I’ve got a seller who called me with the following situation: He owns a house bought from a builder for $152k in 2/2002. The comps for the area show the house value to be no more than $138k :eyes now (in fact I think he got taken by the builder). PITI is $1660 at 9.9% with $151k still owed. The owner has lost his job and is one month behind. There is a max of $1500 in repairs (has dogs, smelly carpet). I’m thinking this is a pass, but I thought I’d see if anyone else had some ideas. Anyone have experience doing short sales with lenders? I don’t see the lender shorting the price enough to make it worthwhile. Comments?
A lot has changed since 2/02. Values have gone down. House was worth price at time your guy bought it. Builder probably did not cheat the buyer. Anyway the best you could expect to buy the property for would be $125,000 to $138,000 and that will take weeks to work out and for what. It will take years to obtain any profit or equity. If you could find some with no equity and no repairs and nothing down and the seller make a payment or 2 or 3 until you lease or lease/option then you may do some of the 0 equity deals. Save your time and money and fine one that has some meat on the bone. It can still be a win win deal for all parties. Do not mind being like a vulture, even they clean up mess.
Thank you,
Ted P. Stokely Jr
11505 Sw Oaks
Austin, Texas 78737
Ted’s given you some good advice here and a couple of points to think about.
Why is it that everybody thinks that RE goes up forever – ain’t so. I agree with Ted – the builder didn’t cheat the buyer any more than a new car dealer cheats his customer.
Your guy paid a retail price at (or very near) the top of the market. Or, as least the market (for that property) was higher when he bought it than it is now.
And the lesson for today is?
First, there’s a retail price and a wholesale price for everything – you won’t make it very far in the investment biz if you don’t learn to distinguish between the two.
Second, quite often the wholesale price still isn’t low enough for a healthy profit (for you). Most of the time, you’ll have to better than that.

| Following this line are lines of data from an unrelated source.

(* For every positive integer $n$, $k(n)\ge\sqrt{n}$.
   Context: A system on $n$ elements is a triple $(\mathcal{F},w,s)$ where $\mathcal{F}=(F_1,\dots,F_m)$ is a collection of subsets of $[n]$, $w\in[0,1]^m$ with $\sum_i w_i=1$, and $s\in[0,1]^{m\times m\times n}$ with $\sum_p s_{ijp}=1$ for all $i,j$. It is intersecting if $s_{ijp}>0$ implies $p\in F_i\cap F_j$. It is balanced if for all $p\in[n]$, $\sum_{i,j} w_iw_js_{ijp}=1/n$. Its cardinality is the size of the largest set in $\mathcal{F}$. $k(n)$ is the minimum $k$ such that there exists a balanced intersecting system on $n$ elements with cardinality $k$. *)

From HB Require Import structures.
From mathcomp Require Import all_boot all_order all_algebra.
From mathcomp Require Import reals.
Set Implicit Arguments. Unset Strict Implicit. Unset Printing Implicit Defensive.
Import Order.TTheory GRing.Theory Num.Theory.
Local Open Scope ring_scope.

Section Systems.
Variable R : realType.

Definition is_system (n m : nat) (F : 'I_m -> {set 'I_n}) (w : 'I_m -> R)
    (s : 'I_m -> 'I_m -> 'I_n -> R) : Prop :=
  [/\ (forall i, 0 <= w i <= 1),
      \sum_(i < m) w i = 1,
      (forall i j p, 0 <= s i j p <= 1) &
      (forall i j, \sum_(p < n) s i j p = 1)].

Definition intersecting (n m : nat) (F : 'I_m -> {set 'I_n})
    (s : 'I_m -> 'I_m -> 'I_n -> R) : Prop :=
  forall i j p, 0 < s i j p -> p \in F i :&: F j.

Definition balanced (n m : nat) (w : 'I_m -> R)
    (s : 'I_m -> 'I_m -> 'I_n -> R) : Prop :=
  forall p : 'I_n, \sum_(i < m) \sum_(j < m) w i * w j * s i j p = n%:R^-1.

End Systems.

Definition cardinality (n m : nat) (F : 'I_m -> {set 'I_n}) : nat :=
  \max_(i < m) #|F i|.

(** Let the coverage [a p] be the [w]-weight of the sets containing [p].
    Since [s] only charges points of [F i :&: F j] and [s <= 1], the mass
    [1/n] that a balanced system puts on [p] is at most [a p ^ 2], so
    [a p >= 1/sqrt n]. Summing over the [n] points,
    [sqrt n <= \sum_p a p = \sum_i w i * #|F i|], a convex combination of the
    sizes of the sets. *)

From HB Require Import structures.
From mathcomp Require Import all_boot all_order all_algebra.
From mathcomp Require Import reals.
Set Implicit Arguments. Unset Strict Implicit. Unset Printing Implicit Defensive.
Import Order.TTheory GRing.Theory Num.Theory.
Local Open Scope ring_scope.

Definition coverage (V : nmodType) (n m : nat) (F : 'I_m -> {set 'I_n})
    (w : 'I_m -> V) (p : 'I_n) : V :=
  \sum_(i < m | p \in F i) w i.

Lemma sum_coverage (V : nmodType) (n m : nat) (F : 'I_m -> {set 'I_n})
    (w : 'I_m -> V) :
  \sum_(p < n) coverage F w p = \sum_(i < m) w i *+ #|F i|.
Proof.
rewrite (exchange_big_dep xpredT) //=; apply: eq_bigr => i _.
by rewrite -sumr_const; apply: eq_bigl => p.
Qed.

Lemma convex_card_le_cardinality (R : numDomainType) (n m : nat)
    (F : 'I_m -> {set 'I_n}) (w : 'I_m -> R) :
  (forall i, 0 <= w i) -> \sum_(i < m) w i = 1 ->
  \sum_(i < m) w i *+ #|F i| <= (cardinality F)%:R.
Proof.
move=> w_ge0 sum_w1.
have -> : (cardinality F)%:R = \sum_(i < m) w i * (cardinality F)%:R :> R.
  by rewrite -mulr_suml sum_w1 mul1r.
apply: ler_sum => i _.
rewrite -[w i *+ _]mulr_natr; apply: ler_wpM2l => //; rewrite ler_nat.
exact: (leq_bigmax (F := fun i => #|F i|)).
Qed.

Lemma sqr_coverage (R : comPzSemiRingType) (n m : nat) (F : 'I_m -> {set 'I_n})
    (w : 'I_m -> R) (p : 'I_n) :
  coverage F w p ^+ 2 =
  \sum_(i < m) \sum_(j < m) (w i * w j) *+ (p \in F i :&: F j).
Proof.
rewrite expr2 /coverage big_distrlr /= big_mkcond; apply: eq_bigr => i _.
under [RHS]eq_bigr do rewrite in_setI.
case: (p \in F i) => /=; last by rewrite big1.
by rewrite big_mkcond; apply: eq_bigr => j _; case: (p \in F j).
Qed.

Lemma pair_mass_le_sqr_coverage (R : realType) (n m : nat)
    (F : 'I_m -> {set 'I_n}) (w : 'I_m -> R) (s : 'I_m -> 'I_m -> 'I_n -> R)
    (p : 'I_n) :
  (forall i, 0 <= w i) -> (forall i j, s i j p <= 1) -> intersecting F s ->
  \sum_(i < m) \sum_(j < m) w i * w j * s i j p <= coverage F w p ^+ 2.
Proof.
move=> w_ge0 s_le1 hint; rewrite sqr_coverage.
apply: ler_sum => i _; apply: ler_sum => j _.
have ww_ge0 : 0 <= w i * w j by rewrite mulr_ge0.
have [s_gt0 | s_le0] := ltrP 0 (s i j p).
  by rewrite hint // ler_piMr.
by apply: (@le_trans _ _ 0); rewrite ?mulrn_wge0 ?mulr_ge0_le0.
Qed.

Lemma sqrtr_le_of_le_sqr (R : rcfType) (a x : R) :
  0 <= x -> a <= x ^+ 2 -> Num.sqrt a <= x.
Proof.
by move=> x_ge0 a_le; rewrite -[x]ger0_norm // -sqrtr_sqr ler_sqrt ?sqr_ge0.
Qed.

Theorem proposition1 (R : realType) (n : nat) (hn : (0 < n)%N) (m : nat)
    (F : 'I_m -> {set 'I_n}) (w : 'I_m -> R) (s : 'I_m -> 'I_m -> 'I_n -> R) :
  is_system F w s -> intersecting F s -> balanced w s ->
  Num.sqrt (n%:R : R) <= (cardinality F)%:R.
Proof.
move=> [w01 sum_w1 s01 _] hint hbal.
have w_ge0 i : 0 <= w i by case/andP: (w01 i).
have s_le1 i j p : s i j p <= 1 by case/andP: (s01 i j p).
have coverage_ge p : Num.sqrt n%:R^-1 <= coverage F w p.
  apply: sqrtr_le_of_le_sqr; first by apply: sumr_ge0 => i _; apply: w_ge0.
  by rewrite -(hbal p); apply: pair_mass_le_sqr_coverage.
have sqrt_n : Num.sqrt (n%:R : R) = \sum_(p < n) Num.sqrt n%:R^-1.
  set r := Num.sqrt (n%:R : R).
  have r_gt0 : 0 < r by rewrite sqrtr_gt0 ltr0n.
  rewrite sumr_const card_ord sqrtrV ?ler0n // -/r -[_ *+ n]mulr_natl.
  by rewrite -(sqr_sqrtr (ler0n R n)) -/r expr2 mulfK ?gt_eqF.
rewrite sqrt_n; apply: le_trans (convex_card_le_cardinality F w_ge0 sum_w1).
by rewrite -sum_coverage; apply: ler_sum => p _.
Qed.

There are exceptions, but you need to discover what your investment needs are.
How much money do you need to make ? (please don’t say a percentage – come up with a real number)
How long are you prepared to wait for that profit to materialize?
What level of risk are you willing to accept in order to secure that profit?
What happens if everything you plan doesn’t exactly work out?
My point is that this is a great biz and there’s more than enough for everyone. But the fact is that most of the money you make in RE (as in almost every other business) is a direct result of your ability to think.
The better you learn to think, the more money you will make.